Happy to abandon my paperwork, I joined the impromptu pizza party around the old steamer trunk that I’d found on the curb next to my “new” television. As I lay sprawled on the floor with Pete, Mary, and Evangeline, it occurred to me that I should always keep such company. My jumbo-sized companions made me feel downright petite. Then I remembered the elfin Cindy Tanaka and the fact that I couldn’t inch my favorite jeans past my increasingly dimpled thighs, and decided against a third slice of pizza.
“Annie, tell Evangeline about the painting. About Fornie,” Mary said, and took a huge bite of pizza redolent of cheese and garlic and loaded with luscious vegetables.
“La Fornarina means ‘little baker girl’ in Italian,” I said, delighted at being asked to pontificate. Generally my audiencehad to be held captive in some fashion. “It’s a portrait Raphael painted shortly before he died on his thirty-seventh birthday. Some think the subject was Margherita Luti, the daughter of an Italian baker. Rumor has it that Raphael was so obsessed with Margherita that he was unable to complete the frescos at his patron’s Roman estate until she was brought to the villa.”
“That’s so awesome,” Mary sighed.
“It created quite a scandal because Raphael was already engaged to the niece of a Vatican cardinal. The painter delayed the nuptials for six years, dragging his feet until his betrothed finally died.”
“Bummer for her,” said Evangeline, stifling a belch.

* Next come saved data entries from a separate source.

Definition cauchy_form k (x : nat -> R) :=
  \sum_(i < k) \sum_(j < k) x i * x j / (1 - b i * b j).
Definition coord_sum k (x : nat -> R) := \sum_(i < k) x i.
Definition prod_sqr k := \prod_(i < k) b i ^+ 2.
Definition mobius (c z : R) := (z - c) / (1 - c * z).
Definition cauchy_lin k (x : nat -> R) := \sum_(i < k.+1) x i / (1 - b i * b k).
Definition mobius_reduce k (x : nat -> R) i := mobius (b k) (b i) * x i.
Definition distinct_nodes k :=
  forall i j, (i < k)%N -> (j < k)%N -> i != j -> b i != b j.

Lemma eq_cauchy_form k x y : (forall i, (i < k)%N -> x i = y i) ->
  cauchy_form k x = cauchy_form k y.
Proof. by move=> xy; apply: eq_bigr => i _; apply: eq_bigr => j _; rewrite !xy. Qed.

Lemma eq_coord_sum k x y : (forall i, (i < k)%N -> x i = y i) ->
  coord_sum k x = coord_sum k y.
Proof. by move=> xy; apply: eq_bigr => i _; rewrite xy. Qed.

Lemma cauchy_den_neq0 i j : 1 - b i * b j != 0.
Proof. exact: oneBM_neq0. Qed.

Lemma sqr_b_lt1 i : b i ^+ 2 < 1.
Proof. by rewrite -real_normK ?num_real // expr_lt1. Qed.

Lemma mobius_reduce_self k x : mobius_reduce k x k = 0.
Proof. by rewrite /mobius_reduce /mobius subrr !mul0r. Qed.

Lemma mobius_reduce_widen k x :
  \sum_(i < k.+1) mobius_reduce k x i = \sum_(i < k) mobius_reduce k x i.
Proof. by rewrite big_ord_recr /= mobius_reduce_self addr0. Qed.

Lemma cauchy_formS k x : cauchy_form k.+1 x
  = (1 - b k ^+ 2) * cauchy_lin k x ^+ 2 + cauchy_form k (mobius_reduce k x).
Proof.
have -> : cauchy_form k (mobius_reduce k x) = cauchy_form k.+1 (mobius_reduce k x).
  rewrite /cauchy_form big_ord_recr /= [X in _ + X]big1 ?addr0 => [|j _]; last first.
    by rewrite mobius_reduce_self !mul0r.
  by apply: eq_bigr => i _; rewrite big_ord_recr /= mobius_reduce_self mulr0 mul0r addr0.
rewrite [cauchy_lin _ _ ^+ 2]expr2 /cauchy_form /cauchy_lin mulr_suml mulr_sumr -big_split /=.
apply: eq_bigr => i _; rewrite !mulr_sumr -big_split /=; apply: eq_bigr => j _.
rewrite /mobius_reduce /mobius.
have := cauchy_den_neq0 i j; have := cauchy_den_neq0 i k; have := cauchy_den_neq0 j k.
have := cauchy_den_neq0 k i; have := cauchy_den_neq0 k j => d1 d2 d3 d4 d5.
by field; rewrite ?d1 ?d2 ?d3 ?d4 ?d5.
Qed.

Lemma coord_sumS k x : coord_sum k.+1 x
  = (1 - b k ^+ 2) * cauchy_lin k x - b k * coord_sum k (mobius_reduce k x).
Proof.
rewrite /coord_sum -mobius_reduce_widen /cauchy_lin !mulr_sumr -sumrB.
apply: eq_bigr => i _; rewrite /mobius_reduce /mobius.
have := cauchy_den_neq0 i k; have := cauchy_den_neq0 k i => d1 d2.
by field; rewrite ?d1 ?d2.
Qed.

Lemma cauchy_form_ge0 k x : 0 <= cauchy_form k x.
Proof.
elim: k x => [|k IH] x; first by rewrite /cauchy_form big_ord0.
rewrite cauchy_formS addr_ge0 // mulr_ge0 ?sqr_ge0 //.
by rewrite subr_ge0 ltW ?sqr_b_lt1.
Qed.

Lemma mobius_neq0 k i : distinct_nodes k.+1 -> (i < k)%N -> mobius (b k) (b i) != 0.
Proof.
move=> b_inj lt_ik; rewrite /mobius mulf_eq0 invr_eq0 (negbTE (cauchy_den_neq0 _ _)) orbF subr_eq0.
by apply: b_inj => //; [exact: ltnW | rewrite neq_ltn lt_ik].
Qed.

Lemma distinct_nodesW k : distinct_nodes k.+1 -> distinct_nodes k.
Proof. by move=> b_inj i j lt_ik lt_jk; apply: b_inj; exact: ltnW. Qed.

Lemma cauchy_form_eq0 k x : distinct_nodes k ->
  cauchy_form k x = 0 -> forall i, (i < k)%N -> x i = 0.
Proof.
elim: k x => [|k IH] x b_inj //; rewrite cauchy_formS => Q0.
have w_gt0 : 0 < 1 - b k ^+ 2 by rewrite subr_gt0 sqr_b_lt1.
have [lin0 red0] : cauchy_lin k x = 0 /\ cauchy_form k (mobius_reduce k x) = 0.
  have wF_ge0 : 0 <= (1 - b k ^+ 2) * cauchy_lin k x ^+ 2 by rewrite mulr_ge0 ?sqr_ge0 ?ltW.
  move/eqP: Q0; rewrite paddr_eq0 ?cauchy_form_ge0 //.
  by rewrite mulf_eq0 (gt_eqF w_gt0) sqrf_eq0 /= => /andP[/eqP-> /eqP->].
have x_lt : forall i, (i < k)%N -> x i = 0.
  move=> i lt_ik; have /eqP := IH _ (distinct_nodesW b_inj) red0 i lt_ik.
  by rewrite mulf_eq0 (negbTE (mobius_neq0 b_inj lt_ik)) => /eqP.
move=> i; rewrite ltnS leq_eqVlt => /orP[/eqP->|]; last exact: x_lt.
move: lin0; rewrite /cauchy_lin big_ord_recr /= big1 => [|j _]; last by rewrite x_lt ?mul0r.
by rewrite add0r => /eqP; rewrite mulf_eq0 invr_eq0 (negbTE (cauchy_den_neq0 k k)) orbF => /eqP.
Qed.

Lemma prod_sqr_ge0 k : 0 <= prod_sqr k.
Proof. by apply: prodr_ge0 => i _; exact: sqr_ge0. Qed.

Lemma prod_sqr_le1 k : prod_sqr k <= 1.
Proof. by apply: prodr_ile1 => i _; rewrite sqr_ge0 ltW ?sqr_b_lt1. Qed.

Lemma prod_sqr_lt1 k : (0 < k)%N -> prod_sqr k < 1.
Proof.
case: k => // k _; rewrite /prod_sqr big_ord_recr /=.
by apply: le_lt_trans (sqr_b_lt1 k); rewrite ler_piMl ?sqr_ge0 ?prod_sqr_le1.
Qed.

Lemma coord_sum_sqr_le k x :
  coord_sum k x ^+ 2 <= (1 - prod_sqr k) * cauchy_form k x.
Proof.
elim: k x => [|k IH] x; first by rewrite /coord_sum /cauchy_form !big_ord0 expr0n /= mulr0.
have IHx := IH (mobius_reduce k x); have Q'_ge0 := cauchy_form_ge0 k (mobius_reduce k x).
rewrite cauchy_formS coord_sumS /prod_sqr big_ord_recr /= -/(prod_sqr k).
move: IHx Q'_ge0 (prod_sqr_ge0 k) (prod_sqr_le1 k) (sqr_b_lt1 k) (sqr_ge0 (b k)).
set S := coord_sum k _; set Q := cauchy_form k _; set P := prod_sqr k.
set F := cauchy_lin k x; set c := b k => IHx Q_ge0 P_ge0 P_le1 c2_lt1 c2_ge0.
have [P1|P_neq1] := eqVneq P 1.
  have S0 : S = 0.
    by apply/eqP; rewrite -sqrf_eq0 eq_le sqr_ge0 andbT; move: IHx; rewrite P1 subrr mul0r.
  by rewrite P1 S0 mul1r mulr0 subr0; nra.
have P_lt1 : 0 < 1 - P by rewrite subr_gt0 lt_neqAle P_neq1.
(* Completing the square in F. *)
rewrite -subr_ge0.
have -> : (1 - P * c ^+ 2) * ((1 - c ^+ 2) * F ^+ 2 + Q) - ((1 - c ^+ 2) * F - c * S) ^+ 2
  = ((1 - c ^+ 2) * (c * (1 - P) * F + S) ^+ 2
     + (1 - P * c ^+ 2) * ((1 - P) * Q - S ^+ 2)) / (1 - P).
  by field; rewrite gt_eqF.
apply: divr_ge0; last exact: ltW.
apply: addr_ge0; first by rewrite mulr_ge0 ?sqr_ge0 // subr_ge0 ltW.
apply: mulr_ge0; last by rewrite subr_ge0.
by rewrite subr_ge0 -[1]mulr1 ler_pM // ltW.
Qed.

“Others believe La Fornarina was another woman, whose portrait had been commissioned by Raphael’s powerful p
atron, Agostino Chigi, at whose villa Raphael and Margherita lived. Chigi married his longtime mistress, Francesca Ardeasca, in a ceremony conducted by the pope in 1519. Still other art historians argue that Raphael didn’t paint La Fornarina at all, and that it should be attributed to his student, Giulio Romano.”
“But, Annie,” said Pete. “If she is lovely, this painting, what does it matter who the woman was or who painted her?”

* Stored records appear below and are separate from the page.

Lemma Ncnt_pos n : (1 <= n)%nat -> 0 < Ncnt alpha n.
Proof.
  destruct n as [|n]; [lia|]. intros _. rewrite Ncnt_S.
  pose proof (proj1 (wcnt_bounds (fun _ => true) n)). pose proof (Rpower_pos (INR (S n)) alpha).
  unfold Ncnt in *; lra.
Qed.

Lemma wcnt_le_incl B A n : inclN B A -> wcnt B alpha n <= wcnt A alpha n.
Proof.
  intros HBA. induction n as [|n IH]; [cbn; lra|].
  rewrite !wcnt_S. pose proof (Rpower_pos (INR (S n)) alpha).
  destruct (B (S n)) eqn:HB.
  - rewrite (HBA (S n)); [lra|lia|exact HB].
  - destruct (A (S n)); lra.
Qed.

Fixpoint abel_sum (e : nat -> R) (n : nat) : R :=
  match n with
  | O => 0
  | S m => abel_sum e m + e m * (w (S m) - w m)
  end.

Lemma wcnt_sub_abel B d n :
  wcnt B alpha n - d * Ncnt alpha n =
  (cnt B n - d * INR n) * w n - abel_sum (fun k => cnt B k - d * INR k) n.
Proof.
  induction n as [|n IH]; [cbn; ring|].
  assert (Hw : wcnt B alpha n = d * Ncnt alpha n + ((cnt B n - d * INR n) * w n
                 - abel_sum (fun k => cnt B k - d * INR k) n)) by lra.
  rewrite wcnt_S, Ncnt_S, Hw. cbn [abel_sum cnt]. rewrite S_INR.
  destruct (B (S n)); ring.
Qed.

Lemma Ncnt_abel n : Ncnt alpha n = INR n * w n - abel_sum INR n.
Proof.
  induction n as [|n IH]; [cbn; ring|].
  rewrite Ncnt_S. cbn [abel_sum]. rewrite IH, S_INR. ring.
Qed.

Lemma weight_monotone :
  (forall k, (1 <= k)%nat -> w k <= w (S k)) \/ (forall k, (1 <= k)%nat -> w (S k) <= w k).
Proof.
  assert (Hk : forall k, (1 <= k)%nat -> 0 < INR k <= INR (S k)).
  { intros k Hk. split; [apply lt_0_INR; lia|apply le_INR; lia]. }
  destruct (Rle_or_lt 0 alpha) as [Ha|Ha].
  - left. intros k H1. apply Rle_Rpower_l; auto.
  - right. intros k H1. apply Rpower_le_l_nonpos; auto; lra.
Qed.

Fixpoint weight_variation (n : nat) : R :=
  match n with
  | O => 0
  | S m => weight_variation m + INR m * Rabs (w (S m) - w m)
  end.

Lemma weight_variation_nonneg n : 0 <= weight_variation n.
Proof.
  induction n as [|n IH]; cbn [weight_variation]; [lra|].
  pose proof (pos_INR n). pose proof (Rabs_pos (w (S n) - w n)). nra.
Qed.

“Because if Raphael didn’t paint La Fornarina, then it’s just a nice Renaissance painting,” I insisted. “It isn’t a genuine Raphael.”
“Can’t argue with that logic,” Mary said. “Annie, tell them the best part.”
“There is more?” Pete asked as Mary handed him a slice heaped with what appeared to be half a pound of cured meat, glistening with oil and dripping with mozzarella. Now that I was sated, just looking at all that cholesterol made me wish for a bowl of oat bran.
“There’s some speculation that Raphael and Margherita were secretly married,” I continued. “La Fornarina has an expensive pearl bauble on her turban, a jewel that was much too pricey for the daughter of a mere baker. It would, however, be an appropriate wedding gift from the great Raphael. And here’s the best part. ‘Margherita’ means ‘pearl’ in Italian.”
“Hol’ on. I thought a margarita wuz a drink,” Evangeline interrupted. “We had a coupla bitchin’ pitchers of margaritas with our fish taco platters at Chevy’s last week.” She and Mary whooped and high-fived. Pete looked impressed.
“The drink was named after a woman, who was named after a pearl. Or a daisy. Same word in Spanish and Italian. Do you guys want to hear the story or not?”
“Yes, please, Annie,” Mary said with a wink.
“Yes, please, Annie,” Evangeline echoed with a giggle.
In the past few months Mary and Evangeline had become fast friends, and in the process regressed a dozen years in maturity.
“Okay, then,” I continued, mollified. “There are other clues supporting the secret marriage theory. For one thing, Raphael signed the painting on the woman’s blue armband, indicating a possible attachment to her. During the romantic age of the late 1800s, the story caught the public imagination. The artist Jean-Auguste-Dominique Ingres painted five different portraits of Raphael and La Fornarina. The French writer Balzac wrote about the love affair. And Pablo Picasso did a series of erotic drawings of Raphael and his lover caught in flagrante by the pope.”